### Exercise objective
Take the lines below between the one holding "Lemma absTr_onto : exists x0, Tr x0 = 1." and the one holding "rewrite /P def_n", inclusive, and copy them exactly. Add nothing.

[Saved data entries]
◆ ◆ ◆

(* Let $n$ be odd, let $k$ be a positive integer with $\gcd(k,n)=1$, let $L=GF(2^n)$, and let $t\in\{2,3\}$. For all $a\in L$ and $b,c\in L^*$, $$F^w(a,b,c)=\sum_{x\in L}(-1)^{\mathrm{Tr}\left(ax+bx^{2^k+1}+cx^{2^{tk}+1}\right)}\in\left\{0,\ \pm2^{\frac{n+1}{2}},\ \pm 2^{\frac{n+3}{2}}\right\}.$$
   Context: $\mathrm{Tr}$ denotes the absolute trace from $GF(2^n)$ to $GF(2)$, $\mathrm{Tr}(x)=\sum_{i=0}^{n-1}x^{2^i}$; $L^*=L\setminus\{0\}$. *)

From HB Require Import structures.
From mathcomp Require Import all_boot all_order all_algebra all_field.
Set Implicit Arguments. Unset Strict Implicit. Unset Printing Implicit Defensive.
Import GRing.Theory.
Local Open Scope ring_scope.

(* Absolute trace GF(2^n) -> GF(2): Tr(x) = sum_{i<n} x^(2^i), an element of L
   (it lies in the prime field {0,1}). *)
Definition absTr (L : finFieldType) (n : nat) (x : L) : L :=
  \sum_(i < n) x ^+ (2 ^ i)%N.

(* (-1)^(Tr x) as an integer: Tr x is 0 or 1 in GF(2). *)
Definition trSign (L : finFieldType) (n : nat) (x : L) : int :=
  if absTr n x == 0 then 1 else -1.

Definition Fw (L : finFieldType) (n k t : nat) (a b c : L) : int :=
  \sum_(x : L) trSign n (a * x + b * x ^+ (2 ^ k + 1)%N + c * x ^+ (2 ^ (t * k) + 1)%N).

From mathcomp Require Import all_boot all_order all_algebra all_field all_fingroup.
From mathcomp Require Import zify ring.
Import GRing.Theory Num.Theory.
Local Open Scope ring_scope.

(* Write chi(y) = (-1)^Tr(y) and Q(x) = a x + b x^(2^k+1) + c x^(2^s+1), s = tk.
   1. Frobenius powers x^(2^j) are additive and multiplicative and depend only
      on j mod n; the trace is Frobenius invariant, {0,1}-valued and onto, so
      chi is a nontrivial additive character and sum_x chi(r x) = 2^n [r = 0].
   2. Q is quadratic: Tr Q(x+u) = Tr Q(x) + Tr Q(u) + Tr(x R(u)) for an
      additive R.  Hence F^2 = 2^n sum_(u in ker R) chi(Q u), and since chi o Q
      is a character on ker R this last sum is 0 or #|ker R| = 2^r.
   3. Applying a suitable Frobenius power to R(u) = 0 turns it into a
      linearized polynomial in u^(2^j) with gcd(j, n) = 1 (j = k of degree 4
      for t = 2, j = 2k of degree 3 for t = 3).  Such a polynomial of degree d
      has at most 2^d roots, by factoring out a root with Abel summation; so
      r <= 4.
   4. F^2 = 2^(n+r) with n odd forces r in {1, 3}, which gives the values. *)

Set Implicit Arguments. Unset Strict Implicit.

Section Frobenius.
Variables (L : finFieldType) (n : nat).
Hypothesis ch2 : 2 \in [pchar L].
Hypothesis hL : #|L| = (2 ^ n)%N.

Definition frob (j : nat) (x : L) : L := x ^+ (2 ^ j).

Lemma frob0n x : frob 0 x = x.
Proof. exact: expr1. Qed.

Lemma frob_comp i j x : frob i (frob j x) = frob (j + i) x.
Proof. by rewrite /frob -exprM -expnD. Qed.

Lemma frobD j : {morph frob j : x y / x + y}.
Proof.
move=> x y; apply: exprDn_pchar.
by rewrite (eq_pnat _ (pcharf_eq ch2)) pnatX pnat_id.
Qed.

Lemma frobM j : {morph frob j : x y / x * y}.
Proof. by move=> x y; rewrite /frob exprMn. Qed.

Lemma frob0 j : frob j 0 = 0.
Proof. by rewrite /frob expr0n expn_eq0. Qed.

Lemma frob_eq0 j x : (frob j x == 0) = (x == 0).
Proof. by rewrite /frob expf_eq0 expn_gt0. Qed.

Lemma frobN j x : frob j (- x) = - frob j x.
Proof. by rewrite !(oppr_pchar2 ch2). Qed.

Lemma frobB j x y : frob j (x - y) = frob j x - frob j y.
Proof. by rewrite frobD frobN. Qed.

Lemma frob_sum j (I : Type) (r : seq I) (P : pred I) (F : I -> L) :
  frob j (\sum_(i <- r | P i) F i) = \sum_(i <- r | P i) frob j (F i).
Proof. exact: (big_morph _ (frobD j) (frob0 j)). Qed.

(* Since #|L| = 2^n, frob n is the identity, so indices only matter mod n. *)
Lemma frob_period j m x : frob (j + n * m) x = frob j x.
Proof.
rewrite -frob_comp; elim: m => [|m IH]; first by rewrite muln0 frob0n.
by rewrite mulnS addnC -frob_comp IH /frob -hL expf_card.
Qed.

(* frob (n * j - j) is the inverse of frob j; composed with frob s, s >= j, it
   gives frob (s - j). *)
Lemma frobK j s : (0 < n)%N -> (j <= s)%N ->
  forall x, frob s (frob (n * j - j) x) = frob (s - j) x.
Proof.
move=> n_gt0 ljs x; rewrite -{1}(subnK ljs) addnC -frob_comp [frob j _]frob_comp.
by rewrite subnK ?leq_pmull // -[(n * j)%N]add0n frob_period frob0n.
Qed.

End Frobenius.

Section FrobeniusFixed.
Variables (L : finFieldType) (n : nat).
Hypothesis hL : #|L| = (2 ^ n)%N.
Hypothesis n_gt0 : (0 < n)%N.

(* For j coprime to n the only fixed points of x |-> x^(2^j) are 0 and 1:
   some multiple j*a is -1 mod n, so a fixed point also satisfies y^2 = y. *)
Lemma frob_fixed j (y : L) : coprime j n -> frob j y = y -> y = 0 \/ y = 1.
Proof.
move=> cop_jn fix_y.
have [a _ /dvdnP [l def_ja]] := Bezoutr j n_gt0; rewrite (eqP cop_jn) in def_ja.
have fix_ja : frob (j * a) y = y.
  elim: a {def_ja} => [|a IH]; first by rewrite muln0 frob0n.
  by rewrite mulnS addnC -frob_comp IH fix_y.
have idem_y : y ^+ 2 = y.
  rewrite -[y ^+ 2]/(frob 1 y) -{1}fix_ja frob_comp addnC mulnC def_ja mulnC.
  by rewrite -[(n * l)%N]add0n (frob_period hL) frob0n.
have : y * (y - 1) == 0 by rewrite mulrBr mulr1 -expr2 idem_y subrr.
by rewrite mulf_eq0 subr_eq0 => /orP [] /eqP ->; [left | right].
Qed.

End FrobeniusFixed.

Section Trace.
Variables (L : finFieldType) (n : nat).
Hypothesis ch2 : 2 \in [pchar L].
Hypothesis hL : #|L| = (2 ^ n)%N.
Hypothesis n_gt0 : (0 < n)%N.

Local Notation Tr := (@absTr L n).
Local Notation chi := (@trSign L n).

Lemma absTrE x : Tr x = \sum_(i < n) frob i x.
Proof. by []. Qed.

Lemma absTrD x y : Tr (x + y) = Tr x + Tr y.
Proof. by rewrite !absTrE -big_split; apply: eq_bigr => i _; rewrite (frobD ch2). Qed.

(* The trace is invariant under the Frobenius map: frob 1 permutes its summands
   cyclically, since frob n is the identity. *)
Lemma absTr_frob1 x : Tr (frob 1 x) = Tr x.
Proof.
rewrite !absTrE; case: n n_gt0 hL => // m _ hLm.
rewrite big_ord_recr [in RHS]big_ord_recl /= frob0n frob_comp add1n.
rewrite -[m.+1]add0n -[m.+1]muln1 (frob_period hLm) frob0n addrC.
by congr (_ + _); apply: eq_bigr => i _; rewrite frob_comp.
Qed.

Lemma absTr_frob j x : Tr (frob j x) = Tr x.
Proof.
elim: j => [|j IH]; first by rewrite frob0n.
by rewrite -addn1 -frob_comp absTr_frob1 IH.
Qed.

Lemma absTr01 x : Tr x = 0 \/ Tr x = 1.
Proof.
have idem : Tr x ^+ 2 = Tr x.
  rewrite -[_ ^+ 2]/(frob 1 (Tr x)) -{2}absTr_frob1 !absTrE (frob_sum ch2).
  by apply: eq_bigr => i _; rewrite !frob_comp addnC.
have : Tr x * (Tr x - 1) == 0 by rewrite mulrBr mulr1 -expr2 idem subrr.
by rewrite mulf_eq0 subr_eq0 => /orP [] /eqP ->; [left | right].
Qed.

(* The trace is not identically zero: it is a polynomial function of degree
   2^(n-1) < #|L|, so it cannot vanish on all of L. *)
Lemma absTr_onto : exists x0, Tr x0 = 1.
Proof.
have [x0 Tr_x0 | Tr0] := pickP (fun x => Tr x != 0).
  by exists x0; case: (absTr01 x0) Tr_x0 => ->; rewrite ?eqxx.
have [m def_n] : exists m, n = m.+1 by exists n.-1; rewrite prednK.
pose P : {poly L} := \sum_(i < n) 'X^(2 ^ i).
have P_Tr x : P.[x] = Tr x.
  by rewrite horner_sum; apply: eq_bigr => i _; rewrite hornerXn.
have size_P : size P = (2 ^ m).+1.
  rewrite /P def_n big_ord_recr /= addrC size_polyDl size_polyXn //.
  apply: leq_ltn_trans (size_sum _ _ _) _; rewrite ltnS.
  by apply/bigmax_leqP => i _; rewrite size_polyXn ltn_exp2l.
have nz_P : P != 0 by rewrite -size_poly_eq0 size_P.
suff all_roots : all (root P) (enum L).
  have := max_poly_roots nz_P all_roots (enum_uniq L).
  by rewrite -cardE hL size_P def_n expnS ltnS leqNgt ltn_Pmull ?expn_gt0.
by apply/allP => x _; rewrite /root P_Tr; move/negbFE: (Tr0 x).
Qed.

Lemma trSignE x : chi x = if Tr x == 0 then 1 else -1.
Proof. by []. Qed.

Lemma trSignD x y : chi (x + y) = chi x * chi y.
Proof.
have two0 : (1 : L) + 1 = 0 by rewrite (addrr_pchar2 ch2).
rewrite !trSignE absTrD.
by case: (absTr01 x) => ->; case: (absTr01 y) => ->; rewrite ?addr0 ?add0r ?two0 ?eqxx ?oner_eq0.
Qed.

Lemma trSign_sq x : chi x * chi x = 1.
Proof. by rewrite trSignE; case: ifP; rewrite ?mulr1 ?mulrNN ?mulr1. Qed.

Lemma trSign0 : chi 0 = 1.
Proof. by rewrite trSignE absTrE big1 ?eqxx // => i _; rewrite frob0. Qed.

Lemma trSign_pm x : chi x = 1 \/ chi x = -1.
Proof. by rewrite trSignE; case: ifP; [left | right]. Qed.

(* The character is nontrivial, hence its values sum to zero: translating by
   a point of trace 1 negates every term. *)
Lemma sum_trSign : \sum_(x : L) chi x = 0.
Proof.
have [x0 Tr_x0] := absTr_onto.
apply/eqP; rewrite -eqNr -sumrN; apply/eqP.
rewrite [RHS](reindex_inj (addIr x0)) /=; apply: eq_bigr => x _.
by rewrite trSignD (trSignE x0) Tr_x0 oner_eq0 mulrN1.
Qed.

Lemma sum_trSign_mul r : \sum_(x : L) chi (x * r) = if r == 0 then (2 ^ n)%:R else 0.
Proof.
have [-> | nz_r] := eqVneq r 0.
  by under eq_bigr do rewrite mulr0 trSign0; rewrite sumr_const hL.
by rewrite -[RHS]sum_trSign [RHS](reindex_inj (mulIf nz_r)).
Qed.

End Trace.

Section QuadraticWalsh.
Variables (L : finFieldType) (n : nat).
Hypothesis ch2 : 2 \in [pchar L].
Hypothesis hL : #|L| = (2 ^ n)%N.
Hypothesis n_gt0 : (0 < n)%N.

Local Notation Tr := (@absTr L n).
Local Notation chi := (@trSign L n).

Variables (Q R : L -> L).
Hypothesis R_add : {morph R : x y / x + y}.
Hypothesis Q_polar :
  forall x u, Tr (Q (x + u)) = Tr (Q x) + Tr (Q u) + Tr (x * R u).

Definition radical : {set L} := [set u | R u == 0].

Lemma radical0 : R 0 = 0.
Proof. by apply: (addrI (R 0)); rewrite -R_add !addr0. Qed.

Lemma trSign_polar x u : chi (Q (x + u)) = chi (Q x) * chi (Q u) * chi (x * R u).
Proof.
rewrite -!(trSignD ch2 hL n_gt0).
by rewrite !trSignE Q_polar !(absTrD n ch2).
Qed.

(* Squaring the Walsh sum and substituting y = x + u leaves only the u in the
   radical, by orthogonality of the character. *)
Lemma walsh_sq :
  (\sum_x chi (Q x)) ^+ 2 = (2 ^ n)%:Z * \sum_(u in radical) chi (Q u).
Proof.
rewrite expr2 mulr_suml.
transitivity (\sum_x \sum_u chi (Q u) * chi (x * R u)).
  apply: eq_bigr => x _; rewrite (reindex_inj (addrI x)) /= mulr_sumr.
  apply: eq_bigr => u _.
  by rewrite trSign_polar !mulrA (trSign_sq n) mul1r.
rewrite exchange_big /= mulr_sumr [RHS]big_mkcond /=; apply: eq_bigr => u _.
rewrite -mulr_sumr (sum_trSign_mul ch2 hL n_gt0) inE.
by case: ifP => _; rewrite ?mulr0 // mulrC natz.
Qed.

(* On the radical, chi o Q is a +-1 valued additive character, so its sum is
   either 0 or the size of the radical. *)
Lemma sum_radical :
  \sum_(u in radical) chi (Q u) = 0 \/ \sum_(u in radical) chi (Q u) = #|radical|%:Z.
Proof.
have [w0 /andP [rad_w0 /eqP chi_w0] | chi_rad] :=
  pickP (fun u => (u \in radical) && (chi (Q u) == -1)).
  have Rw0 : R w0 = 0 by move: rad_w0; rewrite inE => /eqP.
  left; apply/eqP; rewrite -eqNr -sumrN; apply/eqP.
  rewrite [RHS](reindex_inj (addIr w0)) /=; apply: eq_big => u.
    by rewrite !inE R_add Rw0 addr0.
  by move=> _; rewrite trSign_polar chi_w0 Rw0 mulr0 (trSign0 L n) mulrN1 mulr1.
right; rewrite -natz -sumr_const; apply: eq_bigr => u rad_u.
have [// | chi_u] := trSign_pm n (Q u).
by move: (chi_rad u); rewrite rad_u chi_u eqxx.
Qed.

(* The radical is a subgroup of the additive group of L, so by Lagrange its
   order divides 2^n and is a power of 2. *)
Lemma card_radical : exists r, #|radical| = (2 ^ r)%N.
Proof.
have rad_group : group_set radical.
  apply/group_setP; split; first by rewrite inE FinRing.Theory.zmod1gE radical0.
  by move=> x y; rewrite !inE FinRing.Theory.zmodMgE R_add => /eqP -> /eqP ->; rewrite addr0.
have := cardSg (subsetT (Group rad_group)).
rewrite cardsT hL => /(dvdn_pfactor _ _ (isT : prime 2)) [r _ card_r].
by exists r.
Qed.

End QuadraticWalsh.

◆ ◆ ◆

### Problem solution
Lemma absTr_onto : exists x0, Tr x0 = 1.
Proof.
have [x0 Tr_x0 | Tr0] := pickP (fun x => Tr x != 0).
  by exists x0; case: (absTr01 x0) Tr_x0 => ->; rewrite ?eqxx.
have [m def_n] : exists m, n = m.+1 by exists n.-1; rewrite prednK.
pose P : {poly L} := \sum_(i < n) 'X^(2 ^ i).
have P_Tr x : P.[x] = Tr x.
  by rewrite horner_sum; apply: eq_bigr => i _; rewrite hornerXn.
have size_P : size P = (2 ^ m).+1.
  rewrite /P def_n big_ord_recr /= addrC size_polyDl size_polyXn //.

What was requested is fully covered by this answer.